Search code examples
c#xmlxpathxmldocumentxmlnode

How to remove xml nodes that are not in an array of xpath strings?


I have an array of xpath values and an xml feed.

When the feed comes in, I want to filter each xml file by removing the nodes that are not in my array of xpath's.

I can think of a very dirty way to do this:

1) for each node in the xml, i form its xpath

2) check if it's in the array.

3) if not, remove.

Is there a cleaner way?


Solution

  • When the feed comes in, I want to filter each xml file by removing the nodes that are not in my array of xpath's

    Step1. Select all nodes that aren't selected by the given XPath expressions

    I guess that by "nodes" you mean elements.
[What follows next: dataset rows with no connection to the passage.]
Lemma ideal_pow0 J : ideal_pow J 0 1.
Proof. by have := @ideal_pow_prod J 0 (fun _ => 0); rewrite big_ord0; apply=> -[]. Qed.

Lemma ideal_pow_expr J r N : J r -> ideal_pow J N (r ^+ N).
Proof.
by move=> Jr; have := @ideal_pow_prod J N (fun _ => r); rewrite prodr_const card_ord; apply.
Qed.

Lemma ideal_powP J N r : ideal_pow J N r ->
  exists k (c : 'I_k -> A) (f : 'I_k -> 'I_N -> A),
    (forall i j, J (f i j)) /\ r = \sum_i c i * \prod_j f i j.
Proof.
move=> [k [c [g [Jg ->]]]].
have [f fE] := fin_all_exists (P := fun i f => (forall j, J (f j)) /\ g i = \prod_j f j) Jg.
exists k, c, f; split=> [i|]; first by case: (fE i).
by apply: eq_bigr => i _; case: (fE i) => _ ->.
Qed.

Lemma ideal_pow_sum J N k (c : 'I_k -> A) (f : 'I_k -> 'I_N -> A) :
  (forall i j, J (f i j)) -> ideal_pow J N (\sum_i c i * \prod_j f i j).
Proof.
by move=> Jf; exists k, c, (fun i => \prod_j f i j); split=> // i; exists (f i).
Qed.

Lemma ideal_pow_addl J N d r : ideal_pow J (N + d) r -> ideal_pow J N r.
Proof.
move=> /ideal_powP [k [c [f [Jf ->]]]].
rewrite (eq_bigr (fun i => (c i * \prod_(j < d) f i (rshift N j)) *
  \prod_(j < N) f i (lshift d j))); first by apply: ideal_pow_sum.
by move=> i _; rewrite big_split_ord /= mulrAC -mulrA.
Qed.

Lemma ideal_pow_sub J n r : is_ideal J -> (0 < n)%N -> ideal_pow J n r -> J r.
Proof.
move=> idJ; case: n => // n _; apply: gen_ideal_min => // _ [f [Jf ->]].
by case: idJ => _ _ JM; rewrite big_ord_recl mulrC; apply: JM.
Qed.
Lemma fr_walk_of_path s p : path (adjacent_cert d X) s p -> facet_cert d X (last s p) ->
  fr_walk v (size p) (vset n s) (vset n (last s p)).
Proof.
move=> /(pathP s) adj_p last_p.
have lastE : last s p = nth s (s :: p) (size p) by rewrite (nth_last s (s :: p)).
rewrite lastE in last_p *.
apply: (fr_walk_of_chain (P := fun k => vset n (nth s (s :: p) k))) => [k kp|].
  exact: fr_adj_of_cert (adj_p k kp).
exact: facet_of_cert.
Qed.

(* A ridge has at least [d - 1] vertices, so facets adjacent in the facet-ridge
   graph are [adjacent] as vertex lists. *)
Lemma fr_walk_in_ball F G m W : (forall W, is_facet v W -> vseq W \in F) ->
  fr_walk v m W G -> vseq W \in iter m (grow d F) [:: vseq G].
Proof.
move=> complete; elim: m W => [|m IHm] W /=; first by case=> ->; rewrite mem_seq1.
case=> H [[facetW _ _ [Rg [ridge sub]]] walkH].
set B := iter m (grow d F) [:: vseq G] in IHm *.
rewrite /grow mem_cat mem_filter complete // andbT.
case: (boolP (vseq W \in B)) => //= _; apply/hasP; exists (vseq H); first exact: IHm.
rewrite /adjacent count_vseq; apply: leq_trans (subset_leq_card sub).
by apply: leq_trans (aff_dim_card ridge.2); case: d d_gt1 => [|[|d']].
Qed.

Lemma facet_list_complete W : [::] \notin facet_list d X ->
  \rank (hmx v) = (d + 1)%N -> is_facet v W -> vseq W \in facet_list d X.
Proof.
move=> no_flag rk_full [[_ [a [b [ab Wab]]]] /aff_dimE].
rewrite prednK ?(ltnW d_gt1) // => rkW.
have [S SW [cardS rkS]] := restrict_rows_rank_subset W (hmx v); rewrite rkW in cardS rkS.
have t_sub : subseq (vseq S) (iota 0 (size X)) by rewrite size_X subseq_vseq.
have size_t : size (vseq S) = d by rewrite size_vseq cardS.
have := mem_collect_subsets (step := span_step X) (out := facet_candidate d X)
  (a := ([::], ExtS 1)) t_sub size_t.
rewrite /facet_list mem_undup; set acc := foldl _ _ (vseq S); rewrite /facet_candidate.
set c := ext_normal d acc.2; rewrite span_step_indices all_rev.
case: ifP => [/andP[nz /allP orth] | _]; last first.
  by move=> /(_ [::] erefl); rewrite -mem_undup (negbTE no_flag).
have Sab i : i \in S -> dotp a (v i) = b by move/(subsetP SW)/Wab.
have Sc i : i \in S -> zdot c (zhom X i) = 0.
  by move=> iS; apply/eqP/orth; rewrite mem_vseq.
have [l key] := tight_ineq_multiple rkS Sab (zhyp_neq0 (size_ext_normal _ _) nz) Sc.
have l0 : l != 0.
  apply/eqP => l0; have WT : W = setT.
    by apply/setP => i; rewrite in_setT; apply/Wab/eqP; rewrite -subr_eq0 key l0 mul0r.
  by move: rkW; rewrite WT restrict_rowsT rk_full addn1 => /esym/n_Sn.
have [-> ->] := face_of_scaled_ineq ab Wab l0 key.
exact.
Qed.

Lemma fr_dist_of_cert (F : seq (seq nat)) s1 s2 k :
  (forall W, is_facet v W -> vseq W \in F) -> facet_cert d X s1 -> facet_cert d X s2 ->
  (0 < k)%N -> width_cert d X F s1 s2 k -> fr_dist v (vset n s1) (vset n s2) k.
Proof.
move=> complete f1 f2 k_gt0 /and3P[far path_p /eqP last_p]; split.
  rewrite -[k in fr_walk _ k](size_traject (grow d F) [:: s2]) -size_rev.
  rewrite -(size_descent d _ s1) -{2}last_p.
  by apply: fr_walk_of_path; rewrite ?last_p.
move=> m mk /(fr_walk_in_ball complete); rewrite !vseq_facet // => s1_ball.
by move: far; rewrite (iter_grow_mono _ s1_ball) // -ltnS prednK.
Qed.

Lemma all_vertices_of_separated F : separated d X F -> all_vertices v.
Proof.
move=> /allP sep i; set c := vertex_separator d X F i.
have sep_ij (j : 'I_n) :
    if val j == val i then zdot c (zhom X j) == 0 else Z.ltb (zdot c (zhom X j)) 0.
  have := sep i; rewrite mem_iota size_X ltn_ord => /(_ isT)/allP; apply.
  by rewrite mem_iota ltn_ord.
apply: (not_in_conv_hull_sep (a := zrow c) (b := - zR (nth 0 c d))).
  apply/eqP; rewrite -subr_eq0 opprK -zR_zdot_hom zR_eq0.
  by have := sep_ij i; rewrite eqxx.
move=> j ji; rewrite -subr_lt0 opprK -zR_zdot_hom -zR0 zR_lt.
by have := sep_ij j; rewrite val_eqE (negbTE ji).
Qed.

Lemma prismatoid_of_cert s1 s2 : prismatoid_cert d X s1 s2 ->
  prismatoid_bases v (vset n s1) (vset n s2).
Proof.
case/and5P => f1 f2 s12 /allP cover /andP[nz /(constantP Z0)[kappa par]].
set c := facet_normal d X s1 in nz par.
split; try exact: facet_of_cert.
- by rewrite eq_vset_facet.
- by apply/setP => i; rewrite !inE; apply: cover; rewrite mem_iota size_X ltn_ord.
exists (zrow c), (- zR (nth 0 c d)), (zR kappa - zR (nth 0 c d)).
split; [|split] => [|i|i].
- move: nz => /(has_nthP 0)[j]; rewrite size_take_min => /[dup] jd.
  rewrite leq_min => /andP[{}jd _] cj; apply/eqP => /matrixP/(_ 0 (Ordinal jd)).
  by rewrite !mxE => /eqP; rewrite zR_eq0 -(nth_take _ jd) (negbTE cj).
- case/and5P: f1 => _ /eqP zs _ _ _; rewrite inE -zs mem_zero_set => /eqP dot0.
  by apply/eqP; rewrite -subr_eq0 opprK -zR_zdot_hom dot0 zR0.
- rewrite inE => i_s2; apply/eqP; rewrite -subr_eq0 opprB addrA -zR_zdot_hom subr_eq0.
  have : zdot c (zhom X i) \in [seq zdot c (zhom X i) | i <- s2] by apply: map_f.
  by rewrite par mem_nseq => /andP[_ /eqP ->].
Qed.

Theorem prismatoid_width_of_cert s1 s2 k :
  [::] \notin facet_list d X -> separated d X (facet_list d X) ->
  prismatoid_cert d X s1 s2 -> width_cert d X (facet_list d X) s1 s2 k -> (0 < k)%N ->
  [/\ all_vertices v /\ full_dim v, prismatoid_bases v (vset n s1) (vset n s2),
      #|vset n s1| = size s1, #|vset n s2| = size s2 & fr_dist v (vset n s1) (vset n s2) k].
Proof.
move=> no_flag sep prism width k_gt0; have /and5P[f1 f2 s12 _ _] := prism.
have full : \rank (hmx v) = (d + 1)%N.
  have [s1T | s1T] := eqVneq (vset n s1) setT.
    apply: (proper_facet_rank (ltnW d_gt1) (facet_of_cert f2)).
    by rewrite -s1T eq_sym eq_vset_facet.
  exact: (proper_facet_rank (ltnW d_gt1) (facet_of_cert f1)).
split; [split | | | |].
- exact: all_vertices_of_separated sep.
- exact: full_dim_of_rank full.
- exact: prismatoid_of_cert prism.
- by rewrite -size_vseq vseq_facet.
- by rewrite -size_vseq vseq_facet.
- apply: fr_dist_of_cert width => // W; exact: facet_list_complete.
Qed.

End IntegerPolytope.

(* The first twelve points span the base facet [x_5 = 1], the last twelve the
   base facet [x_5 = -1]. *)
Section Prismatoid24.
Local Open Scope Z_scope.

Definition prismatoid24_points : seq (seq Z) := [::
  [:: 11; 0; 100; 0; 1]; [:: -8; 4; 86; 49; 1];
  [:: 5; -8; 51; 88; 1]; [:: 1; 10; 1; 99; 1];
  [:: -6; -8; -51; 85; 1]; [:: 8; 6; -86; 49; 1];
  [:: -10; 1; -100; 1; 1]; [:: 9; -5; -86; -49; 1];
  [:: -4; 10; -49; -88; 1]; [:: 0; -9; 1; -101; 1];
  [:: 6; 10; 49; -86; 1]; [:: -10; -5; 87; -49; 1];
  [:: 97; 26; 3; 10; -1]; [:: 70; 71; -7; -7; -1];
  [:: 24; 98; 10; 4; -1]; [:: -26; 96; -10; 3; -1];
  [:: -72; 69; 8; -8; -1]; [:: -96; 26; -4; 8; -1];
  [:: -95; -27; -3; -9; -1]; [:: -71; -72; 6; 7; -1];
  [:: -26; -97; -10; -3; -1]; [:: 26; -95; 9; -2; -1];
  [:: 71; -71; -8; 6; -1]; [:: 97; -24; 2; -8; -1]].

End Prismatoid24.

(* A single boolean, so that the facet list is computed only once. *)
Lemma prismatoid24_certified :
  let F := facet_list 5 prismatoid24_points in
  [&& [::] \notin F, separated 5 prismatoid24_points F,
      prismatoid_cert 5 prismatoid24_points (iota 0 12) (iota 12 12)
    & width_cert 5 prismatoid24_points F (iota 0 12) (iota 12 12) 6].
Proof. by vm_compute. Qed.

Theorem mainTheorem1 :
  exists (v : 'I_24 -> 'rV[Rdefinitions.R]_5) (F1 F2 : {set 'I_24}),
    [/\ all_vertices v /\ full_dim v, prismatoid_bases v F1 F2,
        #|F1| = 12, #|F2| = 12 & fr_dist v F1 F2 6].
Proof.
have size_X : size prismatoid24_points = 24 by [].
have shape_X : all (fun x => size x == 5) prismatoid24_points by [].
have := prismatoid24_certified; cbv zeta => /and4P[no_flag sep prism width].
have := prismatoid_width_of_cert Rdefinitions.R size_X shape_X (isT : (1 < 5)%N)
  no_flag sep prism width (isT : (0 < 6)%N).
by exists (zpoint _ 5 prismatoid24_points), (vset 24 (iota 0 12)), (vset 24 (iota 12 12)).
Qed.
If so, this XPath expression:

    //*[count(. | yourExpr1 | yourExpr2 ... | yourExprN)
       >
        count(yourExpr1 | yourExpr2 ... | yourExprN)
       ]
    

    selects all elements in the XML document that aren't selected by any of your N XPath expressions yourExpr1, yourExpr2, ... , yourExprN

    If by "nodes" you mean elements, text-nodes, processing-instruction-nodes (PIs), comment-nodes and attribute nodes, use this XPath expression to select all nodes not selected by your N XPath expressions:

    (//node() | //*/@*)
       [count(. | yourExpr1 | yourExpr2 ... | yourExprN)
       >
        count(yourExpr1 | yourExpr2 ... | yourExprN)
       ]
    

    Step2. Delete all nodes selected in Step1.

    For each of the nodes selected in Step1 above, use:

     node.ParentNode.RemoveChild(node);
    

    Explanation:

    1. The XPath union operator | produces the union of two node-sets. Therefore the expression yourExpr1 | yourExpr2 ... | yourExprN when applied on the XML document produces the set of all nodes that are selected by any of the N given XPath expressions.

    2. A node $n doesn't belong to a set of nodes $ns exactly when ...

      count($n | $ns) > count($ns)